Fusion Bonding Tools
Fusion splicing systems are significantly more expensive, typically in the thousands of dollars range at the time of this writing. The higher cost is primarily due to the fusion splicer itself, which requires heating or welding the fiber strands. Additionally, fusion splicers require power, setup time, and regular maintenance. They also require a high-quality machete.
mechanical connectors
Mechanical systems use connectors and splices that can be installed on site to connect the cables. Many of these connectors use a cam lock system to secure the fibers without causing any damage. These connectors are much more expensive than pigtails and cannot be reconnected.

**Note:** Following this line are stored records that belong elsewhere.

Lemma sched_bits_repeat (j i : nat) :
  (i < len j)%nat -> sched_bits (stage_length j + i) = sched_bits i.
Proof.
  intro Hi; destruct (stage_block_length_count j) as [Hlen _].
  pose proof (stage_bounds j).
  rewrite (sched_bits_stage_block j i) by lia.
  unfold sched_bits; rewrite (prefix_limit_nth _ _ sched_prefix_extends sched_prefix_grows (S j)).
  - rewrite sched_prefix_S, <- Hlen, app_nth2_plus, nth_firstn.
    replace (Nat.ltb i (len j)) with true by (symmetry; apply Nat.ltb_lt; exact Hi).
    reflexivity.
  - rewrite sched_prefix_S, length_app, firstn_length_le; lia.
Qed.

Lemma sched_weight_nice (j : nat) : nice (weight_of sched_bits) (len j) (stage_length j).
Proof. intros i Hi; unfold weight_of; rewrite sched_bits_repeat by exact Hi; reflexivity. Qed.

Lemma sched_weight_prod (j : nat) :
  weight_prod (weight_of sched_bits) 0 (stage_length j) = 2 ^ stage_ones j.
Proof.
  destruct (stage_block_length_count j) as [Hlen Hcount].
  rewrite <- Hlen at 1; rewrite <- Hcount.
  apply weight_prod_weight_of; intros i Hi; apply sched_bits_stage_block; lia.
Qed.

Lemma len_le_stage_length (j : nat) : (len j <= stage_length j)%nat.
Proof. pose proof (stage_bounds j); lia. Qed.

End Schedule.

Lemma weights_realizing_demands (len : nat -> nat) (demand : nat -> nat -> nat -> Prop) :
  (forall j m, exists n k, (n <= k)%nat /\ (m <= n)%nat /\ (m <= k - n)%nat /\ demand j n k) ->
  exists w : seqR, (forall i, w i = 1 \/ w i = 2) /\
    forall j, exists n k, demand j n k /\ (len j <= k)%nat /\ nice w (len j) k /\
      weight_prod w 0 k = 2 ^ n.
Proof.
  intro Hdemand.
  set (admissible j m (nk : nat * nat) := (fst nk <= snd nk)%nat /\ (m <= fst nk)%nat /\
         (m <= snd nk - fst nk)%nat /\ demand j (fst nk) (snd nk)).
  set (sched j m := epsilon (inhabits (0, 0)%nat) (admissible j m)).
  assert (Hsched : forall j m, admissible j m (sched j m)).
  { intros j m; apply epsilon_spec.
    destruct (Hdemand j m) as (n & k & H); exists (n, k); exact H. }
  assert (Hspec : forall j m, (fst (sched j m) <= snd (sched j m))%nat /\
            (m <= fst (sched j m))%nat /\ (m <= snd (sched j m) - fst (sched j m))%nat).
  { intros j m; destruct (Hsched j m) as (? & ? & ? & _); auto. }
  exists (weight_of (sched_bits sched len)); split; [apply weight_of_values|].
  intro j; exists (stage_ones sched len j), (stage_length sched len j); split; [|split; [|split]].
  - apply Hsched.
  - apply len_le_stage_length, Hspec.
  - apply sched_weight_nice, Hspec.
  - apply sched_weight_prod, Hspec.
Qed.

Lemma maps_nicely_of_scaled_window (w y : seqR) (q : list Q) (eps : Q) (n k : nat) :
  in_l2 y -> (forall i, Rabs (w i) <= 2) ->
  (length q <= k)%nat -> nice w (length q) k -> weight_prod w 0 k = 2 ^ n ->
  sup_close (fun i => 2 ^ n * y i) k q (Q2R eps * inv_sqrt_len q) ->
  tail_norm2 y (k + length q) < Q2R eps * / 2 ^ k ->
  maps_nicely w k y q eps.
Proof.
  intros hy Hw Hqk Hnice Hprod Hclose Htail.
  assert (Htail_iter : tail_norm2 (Bw_iter w k y) (length q) < Q2R eps).
  { assert (H2k : 0 < 2 ^ k) by (apply pow_lt; lra).
    eapply Rle_lt_trans; [exact (tail_norm2_Bw_iter_le w 2 k y (length q) hy Hw)|].
    replace (Q2R eps) with (2 ^ k * (Q2R eps * / 2 ^ k)) by (field; lra).
    apply Rmult_lt_compat_l; [exact H2k|exact Htail]. }
  assert (Hclose_iter : sup_close (Bw_iter w k y) 0 q (Q2R eps * inv_sqrt_len q)).
  { intros i Hi; rewrite Bw_iter_weight_prod, Nat.add_0_l, Nat.add_comm.
    rewrite (weight_prod_nice w (length q) k i Hnice), Hprod by lia.
    apply Hclose, Hi. }
  split; [|split; [exact Hnice|exact Htail]].
  destruct q; [exact Htail_iter|split; [exact Hclose_iter|exact Htail_iter]].
Qed.

Lemma surjective_of_injective_code {A : Type} (a : A) (code : A -> nat) :
  Injective code -> exists e : nat -> A, forall x, e (code x) = x.
Proof.
  intro Hcode; exists (fun j => epsilon (inhabits a) (fun x => code x = j)); intro x.
  apply Hcode, (epsilon_spec (inhabits a) (fun x' => code x' = code x)); exists x; reflexivity.
Qed.
(* Let $\Theta\subset\mathbb{R}$ be a finite set of states, $\pi$ a probability distribution on $\Theta$ (Alice's prior) and $\widetilde\pi$ a probability distribution on $\Theta$ (Carroll's prior). Then Carroll is monotonic-optimistic if and only if $\widetilde\pi$ is a monotonic strengthening of $\pi$. Moreover, these are also equivalent to each of the following statements: (i) $\widetilde\pi\ge_{\mathrm{lr}}\pi$ on $\Theta$; (ii) $\widetilde{\mathbb{P}}\ge_{\mathrm{lr}}\mathbb{P}$ on $S$ for every MLRP signaling structure $(S,\sigma)$; (iii) $(R,\widetilde{\mathbb{P}})\ge_{\mathrm{lr}}(R,\mathbb{P})$ for every MLRP signaling structure $(S,\sigma)$ and every increasing function $R:S\to\mathbb{R}$.
   Context: A signaling structure on $\Theta$ is a finite set $S\subset\mathbb{R}$ of signals with probabilities $\sigma(s\mid\theta)\ge0$, $\sum_{s\in S}\sigma(s\mid\theta)=1$ for each $\theta$. It has the monotone likelihood ratio property (MLRP) if $\sigma(s'\mid\theta)/\sigma(s\mid\theta)$ is (weakly) increasing in $\theta$ whenever $s'>s$. For a prior $\rho$, $\mathbb{P}_{\rho,\sigma}(\theta,s)=\rho(\theta)\sigma(s\mid\theta)$; write $\mathbb{P}=\mathbb{P}_{\pi,\sigma}$, $\widetilde{\mathbb{P}}=\mathbb{P}_{\widetilde\pi,\sigma}$ (and their marginals on $S$). For $\Gamma\subseteq\Theta$, Alice's posterior is $Q_\Gamma(s)=\mathbb{P}(\Gamma\mid s)$ (for $\mathbb{P}(s)>0$). For a function $R$ on $S$ and a probability $\mathbb{Q}$ on $S$, $(R,\mathbb{Q})$ denotes the random variable taking value $R(s)$ with probability $\mathbb{Q}(s)$. $X\ge_{\mathrm{lr}}Y$ (likelihood ratio order) means $\mathbb{P}(X=v)/\mathbb{P}(Y=v)$ is weakly increasing in $v$ (equivalently $\mathbb{P}(X=u)\mathbb{P}(Y=v)\le\mathbb{P}(X=v)\mathbb{P}(Y=u)$ for $u<v$); for distributions on $\Theta$ or $S$ it is applied to the identity random variable. A set $\Gamma\subseteq\Theta$ is an upper set if $\theta\in\Gamma$, $\theta'\in\Theta$, $\theta'>\theta$ imply $\theta'\in\Gamma$. Carroll is monotonic-optimistic if $(Q_\Gamma,\widetilde{\mathbb{P}})\ge_{\mathrm{lr}}(Q_\Gamma,\mathbb{P})$ for every upper set $\Gamma\subseteq\Theta$ and every MLRP signaling structure $(S,\sigma)$. For a prior $\rho$ and $\Gamma$ with $\rho(\Gamma)>0$, a $\Gamma$-strengthening of $\rho$ is any $a\rho^\Gamma+(1-a)\rho$ with $a\in[0,1]$, where $\rho^\Gamma(\theta)=\rho(\theta\mid\Gamma)$. $\widetilde\pi$ is a monotonic strengthening of $\pi$ if it is obtained by a finite sequence of $\Gamma_i$-strengthenings starting from $\pi$ (each applied to the distribution obtained at the previous step), where all $\Gamma_i\subset\Theta$ are upper sets. Increasing means weakly increasing. *)

From HB Require Import structures.
From mathcomp Require Import all_boot all_order all_algebra.
From mathcomp Require Import finmap.
From mathcomp Require Import reals.
Lemma tbar_rec n U :
  #|tbar n U|%:R = #|t n U|%:R -
    \sum_(m < n) ((alpha n m)%:R * #|tbar m U|%:R + beta n m *
      \sum_(V <- subgroups | V :&: Uc == U) #|U|%:R / #|V|%:R * #|tbar m V|%:R) :> rat.
Proof.
pose c : rat := #|U|%:R / 4.
have tbarE m : #|tbar m U|%:R = #|irr_stab m U|%:R * c.
  by rewrite /c mulrA -natrM -card_tbar natrM mulfK.
have tE : #|t n U|%:R = #|[set f : rule n | stab f == U]|%:R * c.
  by rewrite /c mulrA -natrM -card_t natrM mulfK.
have irrE m V : V \in subgroups ->
    #|irr_stab m V|%:R * c = #|U|%:R / #|V|%:R * #|tbar m V|%:R.
  move=> /subgroups_card_gt0; rewrite -(ltr0n rat) => V_gt0.
  have /(congr1 (fun k => k%:R : rat)) := card_tbar m V; rewrite !natrM /c => E.
  by apply: (mulIf (lt0r_neq0 V_gt0)); rewrite mulrAC -E; field; rewrite lt0r_neq0.
rewrite tbarE tE card_irr_stab_rec mulrBl mulr_suml; congr (_ - _); apply: eq_bigr => m _.
rewrite mulrDl -!mulrA -tbarE; congr (_ + _ * _).
rewrite (card_stab_pred (@irreducible m) (fun V => V :&: Uc == U)) natr_sum mulr_suml.
by rewrite big_seq_cond [in RHS]big_seq_cond; apply: eq_bigr => V /andP [V_sub _]; exact: irrE.
Qed.
(* For every integer $k\ge1$, $$\sum_{j=0}^{\lfloor\frac{k-1}{2}\rfloor}(k-2j)\binom{k}{j}^2=k\binom{k-1}{\lfloor\frac{k-1}{2}\rfloor}^2.$$ *)

From mathcomp Require Import all_boot.

(** Multiplying by [k], the identities [k 'C(k-1, m) = (m+1) 'C(k, m+1)] and
    [k 'C(k-1, m+1) = (k-m-1) 'C(k, m+1)] show that [k^2 'C(k-1, m)^2]
    increases from [m] to [m+1] by exactly [k (k - 2(m+1)) 'C(k, m+1)^2], so the
    partial sums telescope. *)
From mathcomp Require Import all_boot.
From mathcomp Require Import zify.

Lemma sqr_mul_bin_pred_succ (k m : nat) : 2 * m.+1 <= k ->
  (k * 'C(k.-1, m.+1)) ^ 2
  = (k * 'C(k.-1, m)) ^ 2 + k * (k - 2 * m.+1) * 'C(k, m.+1) ^ 2.
Proof.
move=> hm; rewrite (mul_bin_down k m.+1) (mul_bin_diag k m) !expnMn.
have -> : (k - m.+1) ^ 2 = m.+1 ^ 2 + k * (k - 2 * m.+1) by nia.
by rewrite mulnDl.
Qed.

Lemma sum_weighted_sqr_bin (k m : nat) : 2 * m <= k ->
  \sum_(0 <= j < m.+1) (k - 2 * j) * 'C(k, j) ^ 2 = k * 'C(k.-1, m) ^ 2.
Proof.
elim: m => [|m IH] hm; first by rewrite big_nat1 !bin0 muln0 subn0.
rewrite big_nat_recr //= IH; last by lia.
have k_gt0 : 0 < k by lia.
have := sqr_mul_bin_pred_succ k m hm; rewrite !expnMn => step.
by apply/eqP; rewrite -(eqn_pmul2l k_gt0); apply/eqP; nia.
Qed.

Theorem lemma3p5 (k : nat) (hk : 1 <= k) :
  \sum_(0 <= j < ((k - 1) %/ 2).+1) (k - 2 * j) * 'C(k, j) ^ 2
  = k * 'C(k - 1, (k - 1) %/ 2) ^ 2.
Proof.
rewrite sum_weighted_sqr_bin ?subn1 //.
by apply: leq_trans (leq_pred k); rewrite -subn1 mulnC leq_divM.
Qed.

Fusion junction connectors
In order to join two pieces of fiber together using a splice, all that is required is a protective jacket, as well as the splice device itself. If a connector must be installed at the end of a strand of fiber, splice systems typically use “pigtail splices.” Pigtail splices are typically much less expensive than mechanical connectors.
Now, about the braids…
What is the thing that is connected to the strand or strands of a fiber optic cable? We call it Fiber optic braidA fiber optic tail is a portion of an optical fiber where one end terminates with a factory-installed connector and the other end is unterminated. As a result, the connector side can be connected to equipment, while the other side is fused in the case of a fusion splicer and mechanically attached to a fiber optic network cable. Fiber optic tails are used to connect fiber optic cables using a fusion splicer or mechanical splicer. We have more about fiber optic tails in our blog post, “What is fiber optic pigtail and what are its uses?“
TrueCABLE Pigtail Connection Solutions
Fiber optic patch cords are a versatile and cost-effective way to terminate bare fiber optic cable as well as connect devices and extend the reach of your network. They are easy to install, available in a variety of connector types and lengths, and made from high-quality materials. Fiber optic patch cords are used in a wide range of applications, including fiber optic network construction, testing and maintenance, data centers, telecommunications networks, and security systems. We offer A variety of single-position braids To meet your application needs.
conclusion
Both mechanical and fusion jointing have advantages and disadvantages. The choice of either jointing method should depend on your budget, the frequency of installations you will be performing, and the specific requirements of your projects. For small, occasional installations, mechanical jointing may be more cost-effective and convenient. However, for high-performance needs and large-scale projects, the higher quality and efficiency of fusion jointing may justify the higher initial investment.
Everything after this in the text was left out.